● WORK TO BE COMPLETED:
Every line below that has the string "exact" needs to be copied.
(MATERIAL FOR THIS EXERCISE Opens)
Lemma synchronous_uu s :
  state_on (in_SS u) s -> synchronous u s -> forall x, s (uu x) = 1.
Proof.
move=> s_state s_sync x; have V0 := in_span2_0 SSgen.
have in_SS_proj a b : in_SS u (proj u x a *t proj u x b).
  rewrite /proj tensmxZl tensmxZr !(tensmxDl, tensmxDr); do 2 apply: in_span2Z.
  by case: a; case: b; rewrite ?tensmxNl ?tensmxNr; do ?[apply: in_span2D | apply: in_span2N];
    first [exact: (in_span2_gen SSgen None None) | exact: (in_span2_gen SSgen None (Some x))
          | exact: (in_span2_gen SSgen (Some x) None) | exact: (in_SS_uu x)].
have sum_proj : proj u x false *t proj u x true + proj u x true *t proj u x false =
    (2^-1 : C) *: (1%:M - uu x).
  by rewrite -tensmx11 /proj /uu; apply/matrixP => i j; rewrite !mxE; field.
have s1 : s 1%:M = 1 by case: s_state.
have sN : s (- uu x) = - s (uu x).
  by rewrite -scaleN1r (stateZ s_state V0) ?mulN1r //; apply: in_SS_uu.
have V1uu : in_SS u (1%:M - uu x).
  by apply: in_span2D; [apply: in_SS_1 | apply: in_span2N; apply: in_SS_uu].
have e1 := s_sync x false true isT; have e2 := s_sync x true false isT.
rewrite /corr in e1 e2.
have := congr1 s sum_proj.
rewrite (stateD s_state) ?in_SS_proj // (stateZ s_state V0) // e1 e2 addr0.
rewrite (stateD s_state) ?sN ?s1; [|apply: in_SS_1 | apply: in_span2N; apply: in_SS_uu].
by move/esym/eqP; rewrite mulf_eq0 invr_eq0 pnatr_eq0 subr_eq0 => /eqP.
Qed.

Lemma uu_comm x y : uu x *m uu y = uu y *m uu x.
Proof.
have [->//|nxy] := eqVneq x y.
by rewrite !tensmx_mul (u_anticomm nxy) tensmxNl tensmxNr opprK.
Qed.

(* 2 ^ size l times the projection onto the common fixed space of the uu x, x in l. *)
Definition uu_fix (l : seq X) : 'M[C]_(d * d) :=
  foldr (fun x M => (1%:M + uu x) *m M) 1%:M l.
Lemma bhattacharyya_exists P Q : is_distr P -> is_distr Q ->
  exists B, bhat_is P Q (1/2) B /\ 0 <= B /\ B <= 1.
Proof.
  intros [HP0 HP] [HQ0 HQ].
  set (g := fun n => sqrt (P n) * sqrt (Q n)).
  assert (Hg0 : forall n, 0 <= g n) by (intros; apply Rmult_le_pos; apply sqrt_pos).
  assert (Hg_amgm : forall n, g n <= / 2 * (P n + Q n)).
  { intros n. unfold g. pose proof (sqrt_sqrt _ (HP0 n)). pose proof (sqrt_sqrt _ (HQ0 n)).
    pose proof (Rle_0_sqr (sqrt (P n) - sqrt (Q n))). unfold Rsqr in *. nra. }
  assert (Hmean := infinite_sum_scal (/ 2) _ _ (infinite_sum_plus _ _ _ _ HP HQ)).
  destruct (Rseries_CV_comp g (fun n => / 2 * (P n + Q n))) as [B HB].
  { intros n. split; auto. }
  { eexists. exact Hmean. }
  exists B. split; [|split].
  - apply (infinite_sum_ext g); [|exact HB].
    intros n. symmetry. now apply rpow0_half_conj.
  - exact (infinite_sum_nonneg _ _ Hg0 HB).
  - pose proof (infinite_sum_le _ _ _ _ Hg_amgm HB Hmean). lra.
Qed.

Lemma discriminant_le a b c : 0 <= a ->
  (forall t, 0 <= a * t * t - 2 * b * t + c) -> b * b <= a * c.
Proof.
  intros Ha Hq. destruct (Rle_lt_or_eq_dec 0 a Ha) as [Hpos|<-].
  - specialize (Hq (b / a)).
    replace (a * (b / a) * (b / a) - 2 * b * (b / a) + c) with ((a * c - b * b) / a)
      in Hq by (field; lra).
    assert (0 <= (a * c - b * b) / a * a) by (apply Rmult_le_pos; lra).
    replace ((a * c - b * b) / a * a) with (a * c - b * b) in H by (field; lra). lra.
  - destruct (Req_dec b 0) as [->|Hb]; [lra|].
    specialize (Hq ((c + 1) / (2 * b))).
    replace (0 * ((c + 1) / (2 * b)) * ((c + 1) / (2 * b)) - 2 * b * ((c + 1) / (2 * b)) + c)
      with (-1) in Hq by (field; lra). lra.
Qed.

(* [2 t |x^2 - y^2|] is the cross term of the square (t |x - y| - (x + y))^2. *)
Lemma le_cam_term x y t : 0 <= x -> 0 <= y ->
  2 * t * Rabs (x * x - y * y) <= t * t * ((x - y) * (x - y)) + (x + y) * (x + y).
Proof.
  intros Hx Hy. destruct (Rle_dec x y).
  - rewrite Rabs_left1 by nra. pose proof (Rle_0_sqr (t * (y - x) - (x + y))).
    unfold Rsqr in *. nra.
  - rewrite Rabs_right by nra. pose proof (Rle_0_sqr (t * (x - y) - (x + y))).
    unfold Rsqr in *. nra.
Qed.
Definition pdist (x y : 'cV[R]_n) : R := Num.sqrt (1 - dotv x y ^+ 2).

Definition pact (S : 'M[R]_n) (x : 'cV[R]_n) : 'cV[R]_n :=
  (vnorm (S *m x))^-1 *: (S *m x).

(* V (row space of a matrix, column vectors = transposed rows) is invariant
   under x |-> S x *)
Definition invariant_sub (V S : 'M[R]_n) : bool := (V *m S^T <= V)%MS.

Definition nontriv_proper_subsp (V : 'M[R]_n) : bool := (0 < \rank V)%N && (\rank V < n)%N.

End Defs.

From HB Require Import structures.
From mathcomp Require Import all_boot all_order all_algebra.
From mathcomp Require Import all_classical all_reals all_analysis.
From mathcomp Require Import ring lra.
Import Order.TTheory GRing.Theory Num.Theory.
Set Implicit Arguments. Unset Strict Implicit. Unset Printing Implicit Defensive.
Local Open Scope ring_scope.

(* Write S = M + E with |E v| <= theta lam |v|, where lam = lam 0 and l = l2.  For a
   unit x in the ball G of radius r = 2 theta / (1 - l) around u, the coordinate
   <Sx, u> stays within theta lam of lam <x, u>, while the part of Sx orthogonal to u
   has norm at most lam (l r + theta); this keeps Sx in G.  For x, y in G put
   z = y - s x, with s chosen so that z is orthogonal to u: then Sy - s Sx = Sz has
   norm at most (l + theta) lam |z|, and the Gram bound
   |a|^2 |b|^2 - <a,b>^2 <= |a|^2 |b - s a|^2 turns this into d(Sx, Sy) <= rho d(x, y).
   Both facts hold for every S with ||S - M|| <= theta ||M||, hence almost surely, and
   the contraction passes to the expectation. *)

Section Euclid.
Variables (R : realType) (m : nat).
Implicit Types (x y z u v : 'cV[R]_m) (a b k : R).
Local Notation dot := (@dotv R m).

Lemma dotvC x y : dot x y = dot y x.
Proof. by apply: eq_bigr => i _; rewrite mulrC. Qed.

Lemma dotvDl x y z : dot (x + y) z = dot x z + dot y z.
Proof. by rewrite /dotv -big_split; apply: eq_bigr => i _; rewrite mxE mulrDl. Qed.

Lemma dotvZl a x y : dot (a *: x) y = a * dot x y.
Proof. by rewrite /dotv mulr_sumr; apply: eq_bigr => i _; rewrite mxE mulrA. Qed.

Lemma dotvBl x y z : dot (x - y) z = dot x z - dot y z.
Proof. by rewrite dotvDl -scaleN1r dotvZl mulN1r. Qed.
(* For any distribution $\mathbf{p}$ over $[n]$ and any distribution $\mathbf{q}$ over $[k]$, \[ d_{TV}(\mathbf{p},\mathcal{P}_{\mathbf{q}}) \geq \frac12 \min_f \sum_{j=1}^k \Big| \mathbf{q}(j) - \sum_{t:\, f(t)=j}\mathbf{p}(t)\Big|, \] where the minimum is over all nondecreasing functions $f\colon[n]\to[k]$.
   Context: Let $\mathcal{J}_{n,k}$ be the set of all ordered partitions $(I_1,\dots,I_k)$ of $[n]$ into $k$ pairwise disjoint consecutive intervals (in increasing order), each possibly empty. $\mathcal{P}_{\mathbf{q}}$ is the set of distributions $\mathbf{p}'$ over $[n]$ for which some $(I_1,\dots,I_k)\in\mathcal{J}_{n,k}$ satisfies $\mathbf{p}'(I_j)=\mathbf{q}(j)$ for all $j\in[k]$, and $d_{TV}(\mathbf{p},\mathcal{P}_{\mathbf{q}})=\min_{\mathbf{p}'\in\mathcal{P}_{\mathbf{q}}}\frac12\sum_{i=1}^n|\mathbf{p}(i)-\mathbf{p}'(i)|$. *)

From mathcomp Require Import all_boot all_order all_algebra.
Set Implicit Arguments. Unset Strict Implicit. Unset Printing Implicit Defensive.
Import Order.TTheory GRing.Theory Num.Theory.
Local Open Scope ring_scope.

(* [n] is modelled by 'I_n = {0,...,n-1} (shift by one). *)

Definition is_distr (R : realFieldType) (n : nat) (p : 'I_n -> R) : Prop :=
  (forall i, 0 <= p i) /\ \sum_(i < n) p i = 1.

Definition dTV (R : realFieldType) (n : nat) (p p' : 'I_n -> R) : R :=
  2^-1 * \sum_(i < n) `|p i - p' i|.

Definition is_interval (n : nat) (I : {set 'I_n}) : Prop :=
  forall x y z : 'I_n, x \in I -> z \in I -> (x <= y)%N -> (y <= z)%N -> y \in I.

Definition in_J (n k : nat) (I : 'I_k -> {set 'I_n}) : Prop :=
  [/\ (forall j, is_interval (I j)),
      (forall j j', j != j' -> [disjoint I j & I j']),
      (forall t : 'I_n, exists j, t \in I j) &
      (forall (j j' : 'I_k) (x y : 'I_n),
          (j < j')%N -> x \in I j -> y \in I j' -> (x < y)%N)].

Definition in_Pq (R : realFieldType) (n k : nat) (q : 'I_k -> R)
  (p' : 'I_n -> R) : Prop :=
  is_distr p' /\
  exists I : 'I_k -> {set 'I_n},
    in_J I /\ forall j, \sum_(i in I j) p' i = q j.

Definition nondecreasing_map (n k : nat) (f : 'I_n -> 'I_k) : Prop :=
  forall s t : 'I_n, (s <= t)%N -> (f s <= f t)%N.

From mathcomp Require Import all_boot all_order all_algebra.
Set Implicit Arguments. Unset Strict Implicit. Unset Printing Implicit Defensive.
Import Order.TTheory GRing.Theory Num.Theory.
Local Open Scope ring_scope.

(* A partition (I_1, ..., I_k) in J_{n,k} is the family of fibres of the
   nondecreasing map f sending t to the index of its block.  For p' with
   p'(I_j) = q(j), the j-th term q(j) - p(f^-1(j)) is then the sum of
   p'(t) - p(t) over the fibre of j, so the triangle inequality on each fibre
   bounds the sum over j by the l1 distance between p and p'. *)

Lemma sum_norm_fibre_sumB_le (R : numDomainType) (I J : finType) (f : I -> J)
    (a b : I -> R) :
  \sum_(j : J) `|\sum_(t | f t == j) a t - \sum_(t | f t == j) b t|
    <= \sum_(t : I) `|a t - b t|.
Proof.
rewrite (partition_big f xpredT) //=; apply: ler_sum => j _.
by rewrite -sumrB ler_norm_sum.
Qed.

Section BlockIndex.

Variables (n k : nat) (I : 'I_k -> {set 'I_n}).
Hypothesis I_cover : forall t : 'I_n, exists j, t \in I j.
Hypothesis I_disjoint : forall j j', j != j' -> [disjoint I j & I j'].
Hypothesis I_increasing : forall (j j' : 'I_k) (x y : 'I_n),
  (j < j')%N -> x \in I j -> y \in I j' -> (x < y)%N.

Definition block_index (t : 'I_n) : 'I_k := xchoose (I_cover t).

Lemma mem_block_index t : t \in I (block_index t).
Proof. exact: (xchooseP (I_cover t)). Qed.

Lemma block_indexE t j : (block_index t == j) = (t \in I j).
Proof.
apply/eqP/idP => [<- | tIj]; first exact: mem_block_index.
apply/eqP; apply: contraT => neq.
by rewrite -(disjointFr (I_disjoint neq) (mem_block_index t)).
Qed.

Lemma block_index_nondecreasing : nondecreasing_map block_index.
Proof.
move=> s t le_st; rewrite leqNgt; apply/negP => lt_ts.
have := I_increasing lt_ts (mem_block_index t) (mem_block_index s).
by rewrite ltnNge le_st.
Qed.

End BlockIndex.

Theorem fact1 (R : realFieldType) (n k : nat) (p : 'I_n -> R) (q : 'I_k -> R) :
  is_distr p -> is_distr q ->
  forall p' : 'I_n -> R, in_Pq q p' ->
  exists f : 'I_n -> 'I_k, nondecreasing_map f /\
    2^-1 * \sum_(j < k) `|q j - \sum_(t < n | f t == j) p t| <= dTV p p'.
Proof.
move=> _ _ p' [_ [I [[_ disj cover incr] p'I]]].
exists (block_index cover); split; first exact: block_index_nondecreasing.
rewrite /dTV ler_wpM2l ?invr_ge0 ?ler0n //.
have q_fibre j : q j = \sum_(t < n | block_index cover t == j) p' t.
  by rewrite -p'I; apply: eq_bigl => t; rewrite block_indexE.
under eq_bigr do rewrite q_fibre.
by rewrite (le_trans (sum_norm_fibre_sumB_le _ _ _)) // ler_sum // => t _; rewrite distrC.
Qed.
(MATERIAL FOR THIS EXERCISE Closes)
● TASK SOLUTION:
    first [exact: (in_span2_gen SSgen None None) | exact: (in_span2_gen SSgen None (Some x))
          | exact: (in_span2_gen SSgen (Some x) None) | exact: (in_SS_uu x)].
  { eexists. exact Hmean. }
  - apply (infinite_sum_ext g); [|exact HB].
  - exact (infinite_sum_nonneg _ _ Hg0 HB).
Proof. exact: (xchooseP (I_cover t)). Qed.
apply/eqP/idP => [<- | tIj]; first exact: mem_block_index.
exists (block_index cover); split; first exact: block_index_nondecreasing.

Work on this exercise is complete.